Os princípios poluidor-pagador, reparação in integrum e prioridade da reparação in natura e do favor debilis são, por si sós, razões suficientes para legitimar a inversão do ônus da prova em favor da vítima ambiental. STJ. 2ª Turma. AgInt no AREsp 620.488/PR, Rel. Min. Og Fernandes, julgado em 04/09/2018.

Seja em ACP, seja em ação individual Importante também destacar que essa inversão do ônus da prova pode ocorrer tanto em ação civil pública como em ação individual, desde que relacionada com degradação ambiental.

A inversão é cabível mesmo que o autor da ação seja o MP A inversão do ônus da prova deve ser também admitida em caso de ação civil pública proposta pelo Ministério Público pedindo a recomposição e/ou a reparação decorrente de degradação ambiental. Isso porque, por mais que o Ministério Público não possa ser considerado hipossuficiente, ele atua em juízo como substituto processual e a vítima (substituída) é toda a sociedade que, em se tratando de dano ambiental, é considerada hipossuficiente do ponto de vista de conseguir produzir as provas. STJ. 2ª Turma. REsp 1235467/RS, Rel. Min. Herman Benjamin, julgado em 20/08/2013.

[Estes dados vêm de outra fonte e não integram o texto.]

Definition cyl (SN : seq nat) (SU : seq (nat * nat)) (ST : seq tidx)
    (BN : nat -> set nat) (BU : nat * nat -> set (R * R)) (BT : tidx -> set R)
  : set (Omg R) :=
  \bigcap_(k in [set` SN]) ((fun w => oN w k) @^-1` BN k) `&`
  (\bigcap_(kl in [set` SU]) ((fun w => oU w kl.1 kl.2) @^-1` BU kl) `&`
   \bigcap_(t in [set` ST]) ((fun w => oT w t) @^-1` BT t)).

Definition cylinders : set (set (Omg R)) :=
  [set C | exists SN SU ST BN BU BT,
    [/\ uniq SN, uniq SU, uniq ST,
        [/\ forall k, measurable (BN k), forall kl, measurable (BU kl)
          & forall t, measurable (BT t)]
      & C = cyl SN SU ST BN BU BT]].

Lemma measurable_cyl SN SU ST BN BU BT :
  (forall k, measurable (BN k)) -> (forall kl, measurable (BU kl)) ->
  (forall t, measurable (BT t)) -> measurable (cyl SN SU ST BN BU BT).
Proof.
move=> mBN mBU mBT.
by apply: measurableI; [|apply: measurableI]; apply: fin_bigcap_measurable;
  rewrite ?finite_seq // => x _; rewrite -[X in measurable X]setTI;
  [exact: measurable_oN|exact: measurable_oU|exact: measurable_oT].
Qed.

Lemma cylinders_setI : setI_closed cylinders.
Proof.
move=> _ _ [SN1 [SU1 [ST1 [BN1 [BU1 [BT1 [uN1 uU1 uT1 [mN1 mU1 mT1] ->]]]]]]]
  [SN2 [SU2 [ST2 [BN2 [BU2 [BT2 [uN2 uU2 uT2 [mN2 mU2 mT2] ->]]]]]]].
pose merge (X : eqType) Y (S1 S2 : seq X) (B1 B2 : X -> set Y) x :=
  [set y | (x \in S1 -> B1 x y) /\ (x \in S2 -> B2 x y)].
exists (undup (SN1 ++ SN2)), (undup (SU1 ++ SU2)), (undup (ST1 ++ ST2)),
  (merge _ _ SN1 SN2 BN1 BN2), (merge _ _ SU1 SU2 BU1 BU2),
  (merge _ _ ST1 ST2 BT1 BT2).
split; rewrite ?undup_uniq //.
  by split=> x; apply: measurableI; apply: measurable_impl.
rewrite /cyl setIACA bigcap_preimage_setI; congr (_ `&` _).
by rewrite setIACA !bigcap_preimage_setI.
Qed.

Lemma cylinders_setT : cylinders setT.
Proof.
exists [::], [::], [::], (fun=> setT), (fun=> setT), (fun=> setT); split => //.
by rewrite /cyl !set_nil !bigcap_set0 !setIT.
Qed.

Lemma measurable_Omg_cylinders : @measurable _ (Omg R) = <<s cylinders>>.
Proof.
apply/seteqP; split.
  apply: sub_sigma_algebra2.
  move=> _ [[k [B [mB ->]]]|[[k [l [B [mB ->]]]]|[t [B [mB ->]]]]].
  - exists [:: k], [::], [::], (fun=> B), (fun=> setT), (fun=> setT).
    by split=> //; rewrite /cyl !set_nil set_cons1 !bigcap_set0 bigcap_set1 !setIT.
  - exists [::], [:: (k, l)], [::], (fun=> setT), (fun=> B), (fun=> setT).
    by split=> //; rewrite /cyl !set_nil set_cons1 !bigcap_set0 bigcap_set1 setIT setTI.
  - exists [::], [::], [:: t], (fun=> setT), (fun=> setT), (fun=> B).
    by split=> //; rewrite /cyl !set_nil set_cons1 !bigcap_set0 bigcap_set1 !setTI.
apply: smallest_sub; first exact: sigma_algebra_measurable.
by move=> _ [SN [SU [ST [BN [BU [BT [_ _ _ [mN mU mT] ->]]]]]]]; apply: measurable_cyl.
Qed.

End cylinders.
Arguments cyl {R}.
Arguments cylinders {R}.
Arguments measurable_oN {R}.
Arguments measurable_oU {R}.
Arguments measurable_oT {R}.

Section resampling.
Variables (R : realType) (I : seq quad).
Lemma arboreal_arcs_sub_support_tree : arboreal_arcs A X \subset T.
Proof.
have [sTA [indegT [_ leafT]]] := treeT.
apply/subsetP => -[u v]; rewrite in_arboreal_arcs => /andP [uv /orP [retu | nretv]].
  have /negbT/outdeg_neq0P [w uwT] : (outdeg T u == 0) = false.
    by rewrite leafT; apply/negbTE/reticulation_notin_leaves.
  case/andP: retu => _ /eqP outdeg1.
  by rewrite (outdeg1_child_uniq outdeg1 uv (subsetP sTA _ uwT)).
have indeg1 := indeg_nonret_child uv nretv.
have [w wvT] : exists w, (w, v) \in T by apply/indeg_neq0P; rewrite indegT ?indeg1.
by rewrite (indeg1_parent_uniq indeg1 uv (subsetP sTA _ wvT)).
Qed.

Lemma arboreal_in_support_tree u v :
  (u, v) \in A -> is_reticulation A u || ~~ is_reticulation A v -> (u, v) \in T.
Proof.
by move=> uv arb; apply: (subsetP arboreal_arcs_sub_support_tree); rewrite in_arboreal_arcs uv.
Qed.

Lemma reticulation_parent_uniq x w v :
  (x, v) \in A -> is_reticulation A x -> (w, v) \in A -> is_reticulation A w -> x = w.
Proof.
move=> xv retx wv retw; apply: (support_tree_parent_uniq (v := v)).
  by apply: arboreal_in_support_tree; rewrite ?retx.
by apply: arboreal_in_support_tree; rewrite ?retw.
Qed.

Lemma support_tree_Rt u v :
  (u, v) \in T -> ~~ is_reticulation A u -> is_reticulation A v -> v \in Rt A.
Proof.
move=> uvT nretu retv; apply: Rt_intro => // w wv; apply: contraNN nretu => retw.
suff <- : w = u by [].
by apply: support_tree_parent_uniq uvT; apply: arboreal_in_support_tree; rewrite ?retw.
Qed.

Lemma support_tree_supporting_set : supporting_set A X (T :&: J_edges A).
Proof.
have [sTA [indegT [_ leafT]]] := treeT.
split; first exact: subsetIr.
split=> [q qQ /andP [qX /forallP omq] | r rR].
  have /negbT/outdeg_neq0P [w qwT] : (outdeg T q == 0) = false by rewrite leafT (negbTE qX).
  have qw := subsetP sTA _ qwT.
  have wR := support_tree_Rt qwT (Qt_nonret qQ) (implyP (omq w) qw).
  by exists w; rewrite in_setI qwT in_J_edges qw qQ wR.
have r_par : indeg A r != 0.
  by case/andP: (Rt_reticulation rR) => indeg2 _; rewrite -lt0n (leq_trans _ indeg2).
rewrite -(indegT r r_par); apply: eq_indeg => q; rewrite in_setI in_J_edges rR andbT.
apply/andP/idP => [[] // | qrT]; have qr := subsetP sTA _ qrT.
by rewrite qrT qr (Qt_intro rR qr).
Qed.

Lemma support_tree_arcsE : T = arboreal_arcs A X :|: (T :&: J_edges A).
Proof.
have [sTA _] := treeT.
apply/setP => -[u v]; rewrite in_setU in_setI in_J_edges in_arboreal_arcs.
apply/idP/idP => [uvT | /orP [/andP [uv arb] | /andP [] //]]; last first.
  exact: arboreal_in_support_tree.
have uv := subsetP sTA _ uvT; rewrite uvT uv /=.
have [// | /norP [nretu /negPn retv]] := boolP (is_reticulation A u || ~~ is_reticulation A v).
have vR := support_tree_Rt uvT nretu retv.
by rewrite vR (Qt_intro vR uv).
Qed.

End SupportTree.

Section SupportingSet.
Hypothesis basedN : tree_based A X.
Variable E : {set V * V}.
Hypothesis suppE : supporting_set A X E.

Let T := arboreal_arcs A X :|: E.

Lemma supporting_set_arc u v : (u, v) \in E -> [&& (u, v) \in A, u \in Qt A & v \in Rt A].
Proof. by have [sEJ _] := suppE => /(subsetP sEJ); rewrite in_J_edges. Qed.

Lemma in_supported_tree u v : ((u, v) \in T) =
  ((u, v) \in A) && (is_reticulation A u || ~~ is_reticulation A v) || ((u, v) \in E).
Proof. by rewrite in_setU in_arboreal_arcs. Qed.

Lemma supported_tree_sub : T \subset A.
Proof.
apply/subsetP => -[u v]; rewrite in_supported_tree.
by case/orP => [/andP [] // | /supporting_set_arc /andP []].
Qed.

Lemma supported_tree_indeg v : indeg A v != 0 -> indeg T v = 1.
Proof.
have [_ [_ E_indeg]] := suppE.
case/indeg_neq0P => u uv; have [retv | nretv] := boolP (is_reticulation A v); last first.
  rewrite -(indeg_nonret_child uv nretv); apply: eq_indeg => w.
  rewrite in_supported_tree nretv orbT andbT.
  by apply/idP/idP => [/orP [// | /supporting_set_arc /andP []] | ->].
have [vR | vNR] := boolP (v \in Rt A).
  rewrite -(E_indeg v vR); apply: eq_indeg => w; rewrite in_supported_tree retv /= orbF.
  by have [wv | //] := boolP ((w, v) \in A); rewrite (negbTE (Rt_parent_nonret vR wv)).
have [w wv retw] := notin_Rt retv vNR; have [T0 treeT0] := basedN.
apply: (indeg_eq1 (u := w)) => x; rewrite in_supported_tree retv /= orbF.
apply/idP/eqP => [/orP [/andP [xv retx] | /supporting_set_arc /and3P [_ _ vR]] | ->].
- exact: (reticulation_parent_uniq treeT0 xv retx wv retw).
- by rewrite vR in vNR.
- by rewrite wv retw.
Qed.

Lemma supported_tree_leaves v : (outdeg T v == 0) = (v \in X).
Proof.
have [_ [omE _]] := suppE.
have [vX | vNX] := boolP (v \in X).
  by rewrite -leqn0 (leq_trans (subset_outdeg v supported_tree_sub)) // leqn0 -leafE.
apply/negbTE/outdeg_neq0P; have [retv | nretv] := boolP (is_reticulation A v).
  have /outdeg_neq0P [w vw] : outdeg A v != 0 by rewrite -leafE.
  by exists w; rewrite in_supported_tree vw retv.
have [omv | nomv] := boolP (omnian A X v).
  have [T0 treeT0] := basedN; have [sT0A [_ [_ leafT0]]] := treeT0.
  have /negbT/outdeg_neq0P [w vwT0] : (outdeg T0 v == 0) = false.
    by rewrite leafT0 (negbTE vNX).
  have vw := subsetP sT0A _ vwT0.
  have vQ : v \in Qt A.
    apply: (Qt_intro _ vw); case/andP: (omv) => _ /forallP allret.
    exact: (support_tree_Rt treeT0 vwT0 nretv (implyP (allret w) vw)).
  have [r vrE] := omE v vQ omv.
  by exists r; rewrite in_supported_tree vrE orbT.
move: nomv; rewrite /omnian vNX => /forallPn [w]; rewrite negb_imply => /andP [vw nretw].
by exists w; rewrite in_supported_tree vw nretw orbT.
Qed.

Lemma supported_tree_support_tree : support_tree A X T.
Proof.
split; first exact: supported_tree_sub.
split; first exact: supported_tree_indeg.
split; first exact: spanning_connect_root supported_tree_sub supported_tree_indeg.
exact: supported_tree_leaves.
Qed.

End SupportingSet.
End Network.

Theorem theorem7 (V : finType) (A : {set V * V}) (X : {set V}) :
  phylo_network A X -> tree_based A X ->
  forall A' : {set V * V}, A' \subset A ->
    (support_tree A X A' <->
     exists E : {set V * V}, supporting_set A X E /\ A' = arboreal_arcs A X :|: E).
Proof.
move=> netN basedN A' _; split=> [treeA' | [E [suppE ->]]].
  exists (A' :&: J_edges A).
  split; [exact: support_tree_supporting_set | exact: support_tree_arcsE].
exact: supported_tree_support_tree.
Qed.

Previsão do princípio da precaução O princípio da precaução tem origem na “Carta Mundial da Natureza”, de 1982, cujo princípio n. 11, “b”, estabeleceu a necessidade de os Estados controlarem as atividades potencialmente danosas ao meio ambiente, ainda que seus efeitos não fossem completamente conhecidos. Esse princípio foi posteriormente incluído na Declaração do Rio de Janeiro sobre Meio Ambiente e Desenvolvimento (Eco-92). Além desses documentos, o princípio da precaução está contido, implicitamente, no art. 225, § 1º, IV e V, da CF/88:

Art. 225 (...) § 1º - Para assegurar a efetividade desse direito, incumbe ao Poder Público: (...) IV - exigir, na forma da lei, para instalação de obra ou atividade potencialmente causadora de significativa degradação do meio ambiente, estudo prévio de impacto ambiental, a que se dará publicidade; V - controlar a produção, a comercialização e o emprego de técnicas, métodos e substâncias que comportem risco para a vida, a qualidade de vida e o meio ambiente;

Regra de instrução A inversão do ônus da prova de que trata o art. 6º, VIII, do CDC é REGRA DE INSTRUÇÃO, devendo a decisão judicial que determiná-la ser proferida preferencialmente na fase de saneamento do processo ou, pelo menos, assegurar à parte a quem não incumbia inicialmente o encargo a reabertura de oportunidade para manifestar-se nos autos. STJ. 2ª Seção. EREsp 422.778-SP, Rel. para o acórdão Min. Maria Isabel Gallotti, julgados em 29/2/2012.